# Question on equivalence of acceleration and mass with respect to gravity

Layman’s question here. Let’s say I’m standing on the inside rim of a rotating space station spun at right rate to produce earth-like gravity. Does the spinning warp space time? If so, how can a small spinning spacecraft produce the same amount of curvature as a huge mass like the earth?

It can’t be equivalent, because an astronaut floating right outside the spacecraft would not be pulled down to it, but would be pulled down to the earth.

My understanding is that from my point of view standing on the rim, my acceleration and the dilation of the circumference of the station vs it’s radius produces the local experience of a curvature, and since curvature defines gravity, I feel gravity.

Can someone let me know if I’m correct? Thanks!

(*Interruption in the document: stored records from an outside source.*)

(* Consider Algorithm 1 (described in the context) run on a strongly connected digraph $\mathcal{G}_d$ with edge bounds $1\le l_{ji}\le u_{ji}$, under any realization of transmission delays bounded by $\overline{\tau}<\infty$, and assume the integer circulation conditions hold: (i) $\lceil l_{ji}\rceil\le\lfloor u_{ji}\rfloor$ for every $(v_j,v_i)\in\mathcal{E}$, and (ii) for every $\mathcal{S}\subset\mathcal{V}$, $\sum_{(v_j,v_i)\in\mathcal{E}^-_{\mathcal{S}}}\lceil l_{ji}\rceil\le\sum_{(v_l,v_j)\in\mathcal{E}^+_{\mathcal{S}}}\lfloor u_{lj}\rfloor$. Then there exists $k_0$ such that for all $k\ge k_0$: $f_{ji}[k]=f_{ji}[k_0]$ with $l_{ji}\le f_{ji}[k]\le u_{ji}$ for every $(v_j,v_i)\in\mathcal{E}$, and $b_j[k]=0$ for every $v_j\in\mathcal{V}$.
   Context: Setting: $\mathcal{G}_d=(\mathcal{V},\mathcal{E})$ is a strongly connected digraph, $\mathcal{V}=\{v_1,\dots,v_n\}$, $n\ge2$; an edge $(v_j,v_i)$ carries flow from $v_i$ to $v_j$. $\mathcal{N}_j^-=\{v_i:(v_j,v_i)\in\mathcal{E}\}$, $\mathcal{N}_j^+=\{v_l:(v_l,v_j)\in\mathcal{E}\}$, $\mathcal{D}_j=|\mathcal{N}_j^-|+|\mathcal{N}_j^+|$. For $\mathcal{S}\subset\mathcal{V}$: $\mathcal{E}^-_{\mathcal{S}}=\{(v_j,v_i)\in\mathcal{E}: v_j\in\mathcal{S},\ v_i\notin\mathcal{S}\}$, $\mathcal{E}^+_{\mathcal{S}}=\{(v_l,v_j)\in\mathcal{E}: v_j\in\mathcal{S},\ v_l\notin\mathcal{S}\}$. Each edge has real bounds $1\le l_{ji}\le u_{ji}$. Communication is bidirectional along every edge. Projection: $[x]_{ji}=\max\{\lceil l_{ji}\rceil,\min\{\lfloor u_{ji}\rfloor,x\}\}$. State: for each edge $(v_l,v_j)$, the tail $v_j$ holds the actual flow $f_{lj}[k]$; for each edge $(v_j,v_i)$, the head $v_j$ holds a perceived flow $f^{(p)}_{ji}[k]$. Actual balance $b_j[k]=\sum_{v_i\in\mathcal{N}_j^-}f_{ji}[k]-\sum_{v_l\in\mathcal{N}_j^+}f_{lj}[k]$; perceived balance $b^{(p)}_j[k]=\sum_{v_i\in\mathcal{N}_j^-}f^{(p)}_{ji}[k]-\sum_{v_l\in\mathcal{N}_j^+}f_{lj}[k]$. Algorithm 1. Initialization: $f_{ji}[0]=f^{(p)}_{ji}[0]=\lceil l_{ji}\rceil$ for all edges; each $v_j$ fixes a cyclic order of its $\mathcal{D}_j$ incident (incoming and outgoing) edges and a pointer into it. Iteration $k=0,1,2,\dots$, at each node $v_j$: (1) compute $b^{(p)}_j[k]$. (2) If $b^{(p)}_j[k]>0$, starting at the pointer and cycling through the order, visit edges one at a time: at an outgoing edge $(v_l,v_j)$, if $f_{lj}[k]+c^{(j)}_{lj}[k]<\lfloor u_{lj}\rfloor$ add $1$ to $c^{(j)}_{lj}[k]$; at an incoming edge $(v_j,v_i)$, if $f^{(p)}_{ji}[k]+c^{(j)}_{ji}[k]>\lceil l_{ji}\rceil$ subtract $1$ from $c^{(j)}_{ji}[k]$ (the $c$'s start at $0$; edges at their limit are skipped); stop as soon as the total number of unit changes equals $b^{(p)}_j[k]$, leaving the pointer at the next edge. If $b^{(p)}_j[k]\le 0$, all $c^{(j)}[k]=0$. (3) $v_j$ transmits $c^{(j)}_{lj}[k]$ to each out-neighbor $v_l$ and $c^{(j)}_{ji}[k]$ to each in-neighbor $v_i$. A message sent at step $k$ over a link in a given direction is delivered at step $k+\tau$, where the integer $\tau\in[0,\overline{\tau}]$ is arbitrary (unknown, time-varying, independent across links and directions). (4) $v_j$ forms $\overline{c}^{(l)}_{lj}[k]$ (resp. $\overline{c}^{(i)}_{ji}[k]$) as the sum of all values $c^{(l)}_{lj}[k_0]$ (resp. $c^{(i)}_{ji}[k_0]$) sent by $v_l$ (resp. $v_i$) that are delivered at step $k$ (zero if none). (5)–(6) $f_{lj}[k+1]=[f_{lj}[k]+c^{(j)}_{lj}[k]+\overline{c}^{(l)}_{lj}[k]]_{lj}$ and $f^{(p)}_{ji}[k+1]=[f^{(p)}_{ji}[k]+c^{(j)}_{ji}[k]+\overline{c}^{(i)}_{ji}[k]]_{ji}$. *)

From HB Require Import structures.
From mathcomp Require Import all_boot all_order all_algebra.
Set Implicit Arguments. Unset Strict Implicit. Unset Printing Implicit Defensive.
Import Order.TTheory GRing.Theory Num.Theory.
Local Open Scope ring_scope.

(* Nodes are 'I_n; an edge (v_j, v_i) is the pair (j, i) : 'I_n * 'I_n and
   carries flow from i (its tail, e.2) to j (its head, e.1). *)
Definition edge (n : nat) := ('I_n * 'I_n)%type.

Section Alg.
Variables (R : archiRealFieldType) (n : nat).
Variables (E : {set edge n}) (l u : edge n -> R).

Definition lo (e : edge n) : int := Num.ceil (l e).
Definition hi (e : edge n) : int := Num.floor (u e).

Definition proj (e : edge n) (x : int) : int := Num.max (lo e) (Num.min (hi e) x).

Definition balance (f : edge n -> int) (j : 'I_n) : int :=
  \sum_(e in E | e.1 == j) f e - \sum_(e in E | e.2 == j) f e.

Definition pbalance (f fp : edge n -> int) (j : 'I_n) : int :=
  \sum_(e in E | e.1 == j) fp e - \sum_(e in E | e.2 == j) f e.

• I do not think that you must put in GR. I would forget curvature except for the fact that the spinning station would be probably curved indeed. Just carousel physics here. Commented Dec 29, 2018 at 9:44
• Spinning an object produces centripetal acceleration, but does not warp spacetime. You weigh more on the north and south pole then the equator by a bit due to spinning of earth. However, spacetime is uniform (mostly) around our earth. Commented Dec 29, 2018 at 12:05

No, the spinning of your space station does not warp space time. If that were the case then objects outside the space station should also be attracted to it (at least more than they are to a non rotating space station).

The effect that you see is purely due to the acceleration you experience in (nearly) flat spacetime due to the rotation. The equivalence principle implies that it will feel like a homogenous gravitational field.

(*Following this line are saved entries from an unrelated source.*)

(* Let $(X,d_X,\mu)$ be a compact metric measure space and let $\iota:X\to Z$ be an isometry onto its image $X':=\iota(X)\subset Z$ in a metric space $(Z,d_Z)$. Let $D^{X'}$ be the distance kernel operator of $(X',d_Z,\iota_\#\mu)$. Then there is a bijection $\iota^*:L^2(X,\mu)\to L^2(X',\iota_\#\mu)$ such that $D^{X'}\circ\iota^*=\iota^*\circ D^X$. In particular, $\phi$ is an eigenfunction of $D^X$ with eigenvalue $\lambda$ if and only if $\iota^*\phi$ is an eigenfunction of $D^{X'}$ with eigenvalue $\lambda$, and, denoting by $\Phi_k:X\to\mathbb{C}^k$ and $\Phi'_k:X'\to\mathbb{C}^k$ the distance kernel embeddings of $X$ and $X'$, we have $\Phi_k(X)=\Phi'_k(X')$.
   Context: For a compact metric measure space $(X,d,\mu)$, the distance kernel operator is $(D^Xf)(x)=\int_X f(y)d(x,y)\,d\mu(y)$ on $L^2(X,\mu)$. Its eigenvalues $\lambda_i$ are real and ordered by decreasing absolute value (assumed non-zero with distinct absolute values among the top $k$), with $L^2$-orthonormal real eigenfunctions $\phi_i$ whose signs are fixed by $\langle\phi_i,|\phi_i|\rangle>0$. With $\alpha_i=\sqrt{\lambda_i}\phi_i$ (square root with positive imaginary part if $\lambda_i<0$), the distance kernel embedding is $\Phi_k(x)=(\alpha_1(x),\dots,\alpha_k(x))$. $\iota_\#\mu$ denotes the pushforward measure. *)

From HB Require Import structures.
From mathcomp Require Import all_boot all_order all_algebra.
From mathcomp Require Import all_classical all_reals all_analysis.
From mathcomp Require complex.

Set Implicit Arguments.
Unset Strict Implicit.
Unset Printing Implicit Defensive.
Import Order.TTheory GRing.Theory Num.Theory.
Local Open Scope classical_set_scope.
Local Open Scope ring_scope.

Section Metric.
Context {R : realType} {T : Type}.
Variable d : T -> T -> R.

Definition is_metric : Prop :=
  [/\ forall x y, 0 <= d x y,
      forall x y, d x y = 0 <-> x = y,
      forall x y, d x y = d y x &
      forall x y z, d x z <= d x y + d y z].

Definition dopen : set (set T) :=
  [set A | forall x, A x -> exists2 e : R, 0 < e & [set y | d x y < e] `<=` A].

Definition dcompact : Prop :=
  forall (F : set (set T)), F `<=` dopen -> setT `<=` \bigcup_(A in F) A ->
    exists s : seq (set T), (forall A, A \in s -> F A) /\
                            setT `<=` \bigcup_(A in [set` s]) A.
End Metric.

Definition borelT {R : realType} {T : pointedType} (d : T -> T -> R) :=
  g_sigma_algebraType (dopen d).

Definition bdist {R : realType} {T : pointedType} (d : T -> T -> R) :
  borelT d -> borelT d -> R := d.
Arguments bdist {R T} d _ _.

Definition imgT {X : pointedType} {Z : choiceType} (iota : X -> Z) :=
  {z : Z | `[< exists x, iota x = z >]}.

Section imgT_inst.
Context {X : pointedType} {Z : choiceType} (iota : X -> Z).
Lemma imgT_point_subproof : `[< exists x, iota x = iota point >].
Proof. by apply/asboolP; exists point. Qed.
HB.instance Definition _ := Choice.on (imgT iota).
HB.instance Definition _ :=
  isPointed.Build (imgT iota) (exist _ (iota point) imgT_point_subproof).
End imgT_inst.

Lemma imgT_in_subproof {X : pointedType} {Z : choiceType} (iota : X -> Z) x :
  `[< exists y, iota y = iota x >].
Proof. by apply/asboolP; exists x. Qed.
Definition corestr {X : pointedType} {Z : choiceType} (iota : X -> Z)
  (x : X) : imgT iota := exist _ (iota x) (imgT_in_subproof iota x).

• But Einstein said acceleration and gravity are equivalent. Gravity is a force that results from curvature of space time. Force also results from acceleration. If you state that gravity and acceleration are equivalent, doesn’t that imply acceleration warps space time? Commented Jan 10, 2019 at 3:31
• @Goldy That’s not what Einstein said and acceleration is most certainly not equivalent to gravity. Einstein said that gravitational mass and inertial mass are equivalent. This means that in small enough regions (where gravity can be assumed homogeneous) you will not be able to distinguish if the acceleration is die to a force or due to gravity. The standard test to find out which one is involved is to examine a big enough region of spacetime. Commented Jan 10, 2019 at 16:07
• I see. So the equivalence in that local region is what allowed Einstein to express accelerated motion as the same thing as an object at rest + a gravitational field? Commented Jan 11, 2019 at 19:50
• @Goldy yes. The biggest mystery that now remains is why this principle holds. But if they hold then we get some predictions --most of which have been confirmed. Commented Jan 12, 2019 at 5:28

Spinning an object does not warp spacetime.

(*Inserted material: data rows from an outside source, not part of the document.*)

(* With e the claimed error bound, g + e is nonincreasing and g - e is
   nondecreasing; the limit is the supremum of g - e. *)
Lemma exp_rate_limit (g dg : R -> R) (D mu : R) : 0 < mu ->
  (forall t, 0 < t -> is_derive t 1 g (dg t)) ->
  (forall t, 0 < t -> `|dg t| <= D * expR (- (mu * t))) ->
  exists L, forall t, 0 < t -> `|g t - L| <= D / mu * expR (- (mu * t)).
Proof.
move=> mu0 Hg Hb.
pose e s := D / mu * expR (- (mu * s)).
have He t : is_derive t 1 e (- D * expR (- (mu * t))).
  have -> : e = fun s => D / mu * expR (- mu * s) by apply/funext => s; rewrite mulNr.
  apply: is_derive_eq (is_deriveZ (D / mu) (is_derive_expRM (- mu) t)) _.
  by rewrite /GRing.scale /= mulrA mulrN divfK ?gt_eqF // [- mu * t]mulNr.
have D0 : 0 <= D.
  have := le_trans (normr_ge0 _) (Hb 1 ltr01).
  by rewrite pmulr_lge0 // expR_gt0.
have e0 s : 0 <= e s.
  by apply: mulr_ge0; [exact: divr_ge0 D0 (ltW mu0) | exact: ltW (expR_gt0 _)].
have Hup : forall x y, 0 < x -> x <= y -> g y + e y <= g x + e x.
  apply: (@derive_le0_nincr (fun s => g s + e s) (fun t => dg t - D * expR (- (mu * t)))).
    by move=> t t0; rewrite -mulNr; exact: is_deriveD (Hg t t0) (He t).
  by move=> t t0; have := Hb t t0; have := ler_norm (dg t); lra.
have Hlow : forall x y, 0 < x -> x <= y -> - (g y - e y) <= - (g x - e x).
  apply: (@derive_le0_nincr (fun s => - (g s - e s)) (fun t => - (dg t + D * expR (- (mu * t))))).
    move=> t t0; rewrite -[_ * _]opprK -mulNr.
    exact: is_deriveN (is_deriveB (Hg t t0) (He t)).
  by move=> t t0; have := Hb t t0; have := ler_norm (- dg t); rewrite normrN; lra.
have low_le_up s t : 0 < s -> 0 < t -> g s - e s <= g t + e t.
  move=> s0 t0; case: (leP s t) => st.
    by have := Hlow s t s0 st; have := e0 t; lra.
  by have := Hup t s t0 (ltW st); have := e0 s; lra.
pose A := [set g t - e t | t in [set t : R | 0 < t]]%classic.
have A0 : (A !=set0)%classic by exists (g 1 - e 1); exists 1 => //; exact: ltr01.
have Aub : has_ubound A.
  by exists (g 1 + e 1) => y [s s0 <-]; apply: low_le_up => //; exact: ltr01.
exists (sup A) => t t0.
have h1 : g t - e t <= sup A by apply: ub_le_sup => //; exists t.
have h2 : sup A <= g t + e t by apply: ge_sup => // y [s s0 <-]; exact: low_le_up.
rewrite ler_norml -/(e t); lra.
Qed.

Lemma gronwall_exp_decay f df (lam : R) :
  (forall t, 0 < t -> is_derive t 1 f (df t)) ->
  (forall t, 0 < t -> df t <= - (lam * f t)) ->
  forall s t, 0 < s -> s <= t -> f t <= f s * expR (- (lam * (t - s))).
Proof.
move=> Hf Hdf s t s0 st.
have Hmono : forall x y, 0 < x -> x <= y ->
    f y * expR (lam * y) <= f x * expR (lam * x).
  apply: (@derive_le0_nincr _
    (fun x => f x * (lam * expR (lam * x)) + expR (lam * x) * df x)).
    by move=> x x0; exact: is_derive_eq (is_deriveM (Hf x x0) (is_derive_expRM lam x)) _.
  move=> x x0; have := Hdf x x0; have := expR_gt0 (lam * x).
  set E := expR _ => E0 H.
  have -> : f x * (lam * E) + E * df x = E * (df x + lam * f x) by ring.
  by rewrite pmulr_rle0 //; lra.
rewrite -(ler_pM2r (expR_gt0 (lam * t))) (le_trans (Hmono s t s0 st)) //.
by rewrite -mulrA -expRD; have -> : - (lam * (t - s)) + lam * t = lam * s by ring.
Qed.

Lemma exp_decay_eventually_lt (K : R) {mu eps : R} : 0 < mu -> 0 < eps ->
  exists2 T, 0 < T & forall t, T <= t -> K * expR (- (mu * t)) < eps.
Proof.
move=> mu0 e0; case: (leP K 0) => K0.
  exists 1 => // t _; apply: le_lt_trans e0.
  by rewrite mulr_le0_ge0 // ltW // expR_gt0.
have Ke : 0 < K / eps by rewrite divr_gt0.
exists ((1 + `|ln (K / eps)|) / mu) => [|t Tt]; first by rewrite divr_gt0 // ltr_pwDl.
have lnlt : ln (K / eps) < mu * t.
  have : mu * ((1 + `|ln (K / eps)|) / mu) <= mu * t by rewrite ler_pM2l.
  rewrite mulrC divfK ?gt_eqF //; have := ler_norm (ln (K / eps)); lra.
have : expR (- (mu * t)) < expR (- ln (K / eps)) by rewrite ltr_expR ltrN2.
rewrite (expRN (ln (K / eps))) lnK ?posrE // invf_div => H.
by rewrite -(ltr_pM2l K0) mulrCA divff ?gt_eqF // mulr1 in H.
Qed.

Lemma le_of_le_add_exp_decay {x y : R} (K : R) {mu : R} (T : R) : 0 < mu ->
  (forall t, T <= t -> x <= y + K * expR (- (mu * t))) -> x <= y.
Proof.
move=> mu0 H; rewrite leNgt; apply/negP => yx.
have [T' _ HT'] := exp_decay_eventually_lt K mu0 (ltac:(by rewrite subr_gt0) : 0 < x - y).
have := HT' (Num.max T T') ltac:(by rewrite le_max lexx orbT).
have := H (Num.max T T') ltac:(by rewrite le_max lexx); lra.
Qed.

Lemma norm_le_of_sqr_le_exp_decay (x W mu t : R) : 0 <= W ->
  x ^+ 2 <= W * expR (- ((2 * mu) * t)) -> `|x| <= (1 + W) * expR (- (mu * t)).
Proof.
move=> W0 H.
have y0 : 0 <= (1 + W) * expR (- (mu * t)).
  by rewrite mulr_ge0 ?addr_ge0 // ltW // expR_gt0.
rewrite -(@ler_pXn2r R 2) ?nnegrE ?normr_ge0 //.
rewrite real_normK ?num_real // exprMn [expR _ ^+ 2]expr2 -expRD.
have -> : - (mu * t) + - (mu * t) = - ((2 * mu) * t) by ring.
apply: (le_trans H); rewrite ler_pM2r ?expR_gt0 //.
have := sqr_ge0 W; rewrite !expr2; lra.
Qed.

Lemma ler_dist_sin (x y : R) : `|sin x - sin y| <= `|x - y|.
Proof.
wlog xy : x y / y <= x.
  move=> W; case: (leP y x) => [|/ltW yx]; first exact: W.
  by rewrite distrC (distrC x); exact: W.
have [c _ ->] := @MVT_segment R sin cos y x xy (fun z _ => is_derive_sin z)
  (derivable_within_continuous (fun z _ => derivable_of_is_derive (is_derive_sin z))).
by rewrite normrM ler_piMl // ler_norml cos_le1 cos_geN1.
Qed.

In the case of our earth, spinning about the NS axis, we weigh slightly more (about 5.5 ounces) on the north and south poles as compared to the equator - because of centripetal acceleration. However, notice that spacetime around the earth is uniform, regardless of position. This is the best proof you've got.

No, in the examples that you are giving space-time is still approximately flat. The speeds and mass densities do not begin to approach the relativistic range.

The reason that the spinning spacecraft can produce accelerations comparable to the gravity of a mass like the earth is that the gravitational constant is so weak. At the earth's surface the acceleration due to gravity is only 9.8 m/s^2. However if you swing a ball on a 1 meter string at 1 revolution per second that acceleration is omega^2 * radius, or about 40 m/s^2 - over four times as much as gravity. This is why you can spin a jump rope or anything else without worrying about gravity once it gets going.

Well you have your own gravity (ever so little curved space) that you do not feel in a given uniform state. The rotating ship is continuously changing the state of your own space curve and you feel that against the surface. The resistance to change in state of your own gravity, manifests as inertia when subjected to a change in state.